* Your instructions
Show every line from the entries that follow which holds the word "messages".

(Dataset entries)
* * * * * * *

(** Zero error forces [dec (Z1 x) (Z2 x)] to be the componentwise sum.  Give a
    binary word of length [l] the weight [kw = 2^-l / ((l + 1) (l + 2))]; these
    weights sum to [1] over all words, so no prefix condition is needed.  If [w] is a
    positive weight on the [N] messages with mass at most [1] on every fibre of
    [(Z1, Z2)], Gibbs' inequality against [x |-> w x * kw (Z1 x) * kw (Z2 x)] and
    the concavity of [ln] give
      [ln N + E ln w <= 2 ln (E l1 + 2) + 2 ln (E l2 + 2) + ln 2 (E l1 + E l2)].
    For [R1] take [w = 4^-k]: since [Z2] is a function of [(X2, X3)], the map
    [x |-> (x2, x3)] is injective on the fibres of [Z1].  For the sum rate take
    [w x = prod_i P(X3_i = x3_i | S_i = s_i)]: on a fibre of [(Z1, Z2)] the sum
    [s] is fixed and, mixing messages across the cut, [x |-> x3] is injective,
    while [E ln w = k (ln 2 / 2 - 3/4 ln 3)].  The logarithmic terms are [o(k)],
    so the rate bounds survive the limit [k -> oo]. *)

Set Implicit Arguments.
Unset Strict Implicit.
Unset Printing Implicit Defensive.

Open Scope R_scope.

(** * Sums and logarithms of reals *)

Lemma RplusA : associative Rplus. Proof. by move=> *; ring. Qed.
Lemma RmultA : associative Rmult. Proof. by move=> *; ring. Qed.
HB.instance Definition _ :=
  Monoid.isComLaw.Build R 0 Rplus RplusA Rplus_comm Rplus_0_l.
HB.instance Definition _ :=
  Monoid.isComLaw.Build R 1 Rmult RmultA Rmult_comm Rmult_1_l.
HB.instance Definition _ := Monoid.isMulLaw.Build R 0 Rmult Rmult_0_l Rmult_0_r.
HB.instance Definition _ :=
  Monoid.isAddLaw.Build R Rmult Rplus Rmult_plus_distr_r Rmult_plus_distr_l.

Notation "\sum_ ( i <- r | P ) F" := (\big[Rplus/0]_(i <- r | P%B) F%R) : R_scope.
Notation "\sum_ ( i <- r ) F" := (\big[Rplus/0]_(i <- r) F%R) : R_scope.
Notation "\sum_ ( m <= i < n ) F" := (\big[Rplus/0]_(m <= i < n) F%R) : R_scope.
Notation "\sum_ ( i | P ) F" := (\big[Rplus/0]_(i | P%B) F%R) : R_scope.
Notation "\sum_ i F" := (\big[Rplus/0]_i F%R) : R_scope.
Notation "\sum_ ( i : t ) F" := (\big[Rplus/0]_(i : t) F%R) (only parsing) : R_scope.
Notation "\sum_ ( i < n ) F" := (\big[Rplus/0]_(i < n) F%R) : R_scope.
Notation "\prod_ ( i <- r | P ) F" := (\big[Rmult/1]_(i <- r | P%B) F%R) : R_scope.
Notation "\prod_ ( i < n ) F" := (\big[Rmult/1]_(i < n) F%R) : R_scope.

Section BigPartition.
Variables (T : Type) (idx : T) (op : Monoid.com_law idx).

Lemma partition_big_undup (I J : eqType) (r : seq I) (P : pred I) (key : I -> J) F :
  \big[op/idx]_(i <- r | P i) F i =
  \big[op/idx]_(j <- undup (map key r)) \big[op/idx]_(i <- r | P i && (key i == j)) F i.
Proof.
under [RHS]eq_bigr do rewrite big_mkcond.
rewrite exchange_big /= [LHS]big_mkcond; apply: eq_big_seq => i ri.
case: (P i) => /=; last by rewrite big1.
rewrite -big_mkcond big_const_seq (eq_count (a2 := pred1 (key i))) => [|j].
  by rewrite count_uniq_mem ?undup_uniq // mem_undup map_f //= Monoid.mulm1.
by rewrite /= eq_sym.
Qed.

End BigPartition.

Lemma leR_sum (I : Type) (r : seq I) (P : pred I) (F G : I -> R) :
  (forall i, P i -> F i <= G i) -> \sum_(i <- r | P i) F i <= \sum_(i <- r | P i) G i.
Proof. by move=> FG; apply: (big_ind2 Rle) => *; [lra | lra | exact: FG]. Qed.

Lemma sumR_ge0 (I : Type) (r : seq I) (P : pred I) (F : I -> R) :
  (forall i, P i -> 0 <= F i) -> 0 <= \sum_(i <- r | P i) F i.
Proof. by move=> F0; apply: (big_ind (Rle 0)) => *; [lra | lra | exact: F0]. Qed.

Lemma sumR_const (I : Type) (r : seq I) (P : pred I) (c : R) :
  \sum_(i <- r | P i) c = INR (count P r) * c.
Proof.
rewrite big_const_seq; elim: (count P r) => [|n IH]; first by rewrite /=; lra.
by rewrite S_INR /= IH; lra.
Qed.

Lemma sumR_card (T : finType) (c : R) : \sum_(x : T) c = INR #|T| * c.
Proof. by rewrite sumR_const cardT enumT; congr (INR _ * _); apply: count_predT. Qed.

Lemma sumR_const_card (T : finType) (P : pred T) (c : R) :
  \sum_(x | P x) c = INR #|P| * c.
Proof. by rewrite sumR_const cardE /enum_mem size_filter. Qed.

Lemma INR_sum (I : Type) (r : seq I) (P : pred I) (F : I -> nat) :
  INR (\sum_(i <- r | P i) F i)%nat = \sum_(i <- r | P i) INR (F i).
Proof. by apply: big_morph => [m n|]; rewrite ?plus_INR. Qed.

Lemma INR_expn m n : INR (expn m n) = INR m ^ n.
Proof. by elim: n => [|n IH] //; rewrite expnS mult_INR IH. Qed.

Lemma ln_bigprod (I : Type) (r : seq I) (P : pred I) (F : I -> R) :
  (forall i, P i -> 0 < F i) ->
  ln (\prod_(i <- r | P i) F i) = \sum_(i <- r | P i) ln (F i).
Proof.
move=> F0.
suff [] : 0 < \prod_(i <- r | P i) F i /\
          ln (\prod_(i <- r | P i) F i) = \sum_(i <- r | P i) ln (F i) by [].
apply: (big_rec2 (fun p s => 0 < p /\ ln p = s)); first by rewrite ln_1; split; lra.
move=> i p s Pi [p0 <-]; have Fi := F0 i Pi.
by split; [exact: Rmult_lt_0_compat | rewrite ln_mult].
Qed.

Lemma sumR_uniq_subset_le (I : eqType) (s t : seq I) (F : I -> R) :
  uniq s -> uniq t -> {subset s <= t} -> (forall i, 0 <= F i) ->
  \sum_(i <- s) F i <= \sum_(i <- t) F i.
Proof.
move=> s_uniq t_uniq st F0.
have s_filter : perm_eq s [seq i <- t | i \in s].
  apply: uniq_perm; rewrite ?filter_uniq // => i.
  by rewrite mem_filter andb_idr //; apply: st.
rewrite (perm_big _ s_filter) big_filter big_mkcond; apply: leR_sum => i _.
by case: ifP => _; [lra | exact: F0].
Qed.

Lemma sumR_inj_le (T U : finType) (P : pred T) (phi : T -> U) (G : U -> R) :
  {in P &, injective phi} -> (forall u, 0 <= G u) ->
  \sum_(x | P x) G (phi x) <= \sum_u G u.
Proof.
move=> phi_inj G0; rewrite (eq_bigl (mem P)) // -(big_imset G phi_inj) big_mkcond.
by apply: leR_sum => u _; case: ifP => _; [lra | exact: G0].
Qed.

Lemma ln_le x y : 0 < x -> x <= y -> ln x <= ln y.
Proof. by move=> x0 [xy | <-]; [apply/Rlt_le/ln_increasing | lra]. Qed.

Lemma ln_le_sub1 y : 0 < y -> ln y <= y - 1.
Proof. by move=> y0; have := exp_ineq1_le (ln y); rewrite exp_ln //; lra. Qed.

Lemma ln_le_tangent y m : 0 < y -> 0 < m -> ln y <= ln m + y / m - 1.
Proof.
move=> y0 m0; have := ln_le_sub1 (Rdiv_lt_0_compat _ _ y0 m0).
by rewrite /Rdiv ln_mult ?ln_Rinv //; [lra | apply: Rinv_0_lt_compat].
Qed.

Lemma sum_ln_le_card_ln_mean (T : finType) (y : T -> R) :
  (0 < #|T|)%nat -> (forall x, 0 < y x) ->
  \sum_x ln (y x) <= INR #|T| * ln ((\sum_x y x) / INR #|T|).
Proof.
move=> /card_gt0P [x0 _] y0; set N := INR #|T|; set m := (\sum_x y x) / N.
have N0 : 0 < N by apply/lt_0_INR/ltP/card_gt0P; exists x0.
have S0 : 0 < \sum_x y x.
  rewrite (bigD1 x0) //=; have := y0 x0.
  have : 0 <= \sum_(x | x != x0) y x by apply: sumR_ge0 => x _; exact/Rlt_le.
  lra.
have m0 : 0 < m by apply: Rdiv_lt_0_compat.
apply: (Rle_trans _ (\sum_x (ln m + y x / m - 1))).
  by apply: leR_sum => x _; exact: ln_le_tangent.
rewrite /Rminus !big_split /= !sumR_card /Rdiv -big_distrl /= -/(Rdiv _ m) /m.
rewrite -/N; right; field; lra.
Qed.

Lemma ln_affine_sublinear (c M : R) : 0 < c -> 0 <= M ->
  exists K : nat, forall k : nat, (K <= k)%nat -> ln (INR k * M + 2) < c * INR k.
Proof.
move=> c0 M0.
have [K HK] := INR_archimed (c / 2) (c / 2 + ln (2 / c) - 1 + ln (M + 2)) ltac:(lra).
exists K => k /leP /le_INR kK; have k0 := pos_INR k.
have := ln_le_tangent (y := INR k + 1) (m := 2 / c) ltac:(lra) ltac:(apply: Rdiv_lt_0_compat; lra).
have -> : (INR k + 1) / (2 / c) = c / 2 * (INR k + 1) by field; lra.
have : ln (INR k * M + 2) <= ln (INR k + 1) + ln (M + 2).
  by rewrite -ln_mult; [apply: ln_le; nra | lra | lra].
nra.
Qed.

(** * A Kraft inequality without prefix condition *)

Definition kraft_weight (l : nat) : R := / ((INR l + 1) * (INR l + 2) * 2 ^ l).

Lemma kraft_weight_gt0 l : 0 < kraft_weight l.
Proof.
have := pos_INR l; have := pow_lt 2 l ltac:(lra) => *.
by apply/Rinv_0_lt_compat/Rmult_lt_0_compat => //; nra.
Qed.

Lemma ln_kraft_weight_ge l :
  - (2 * ln (INR l + 2) + INR l * ln 2) <= ln (kraft_weight l).
Proof.
have l0 := pos_INR l; have := pow_lt 2 l ltac:(lra) => p0.
rewrite /kraft_weight ln_Rinv; last by apply: Rmult_lt_0_compat => //; nra.
rewrite !ln_mult ?ln_pow; try nra.
by have := ln_le (x := INR l + 1) (y := INR l + 2) ltac:(lra) ltac:(lra); lra.
Qed.

Lemma sum_kraft_weight_lengths L :
  \sum_(0 <= l < L) 2 ^ l * kraft_weight l = 1 - / (INR L + 1).
Proof.
elim: L => [|L IH]; first by rewrite big_geq //=; lra.
rewrite big_nat_recr // IH /kraft_weight S_INR /=.
have := pos_INR L; have := pow_lt 2 L ltac:(lra) => *; field; lra.
Qed.


Lemma count_size_le_expn (s : seq (seq bool)) l :
  uniq s -> (count (fun z => size z == l) s <= expn 2 l)%nat.
Proof.
move=> s_uniq; rewrite -size_filter.
have -> : expn 2 l = size (map val (enum {: l.-tuple bool})).
  by rewrite size_map -cardE card_tuple card_bool.
apply: uniq_leq_size; first by rewrite filter_uniq.
move=> z; rewrite mem_filter => /andP[zl _].
by apply/mapP; exists (Tuple zl); rewrite ?mem_enum.
Qed.

Lemma kraft_sum_le1 (s : seq (seq bool)) :
  uniq s -> \sum_(z <- s) kraft_weight (size z) <= 1.
Proof.
move=> s_uniq; set L := (\max_(z <- s) size z).+1.
rewrite (partition_big_undup _ _ _ size) /=.
apply: (Rle_trans _ (\sum_(l <- undup (map size s)) 2 ^ l * kraft_weight l)).
  apply: leR_sum => l _.
  rewrite (eq_bigr (fun=> kraft_weight l)) => [|z /eqP ->] //.
  rewrite sumR_const; apply: Rmult_le_compat_r; first exact/Rlt_le/kraft_weight_gt0.
  by rewrite -[2]/(INR 2) -INR_expn; apply/le_INR/leP/count_size_le_expn.
apply: (Rle_trans _ (\sum_(0 <= l < L) 2 ^ l * kraft_weight l)).
  apply: sumR_uniq_subset_le => [||l|l]; rewrite ?undup_uniq ?iota_uniq //.
    by rewrite mem_undup mem_index_iota => /mapP[z zs ->]; rewrite ltnS leq_bigmax_seq.
  by have := pow_lt 2 l ltac:(lra); have := kraft_weight_gt0 l; nra.
by rewrite sum_kraft_weight_lengths; have := pos_INR L; have := Rinv_0_lt_compat (INR L + 1); lra.
Qed.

* * * * * * *

* Expected answer
    positive weight on the [N] messages with mass at most [1] on every fibre of
    [s] is fixed and, mixing messages across the cut, [x |-> x3] is injective,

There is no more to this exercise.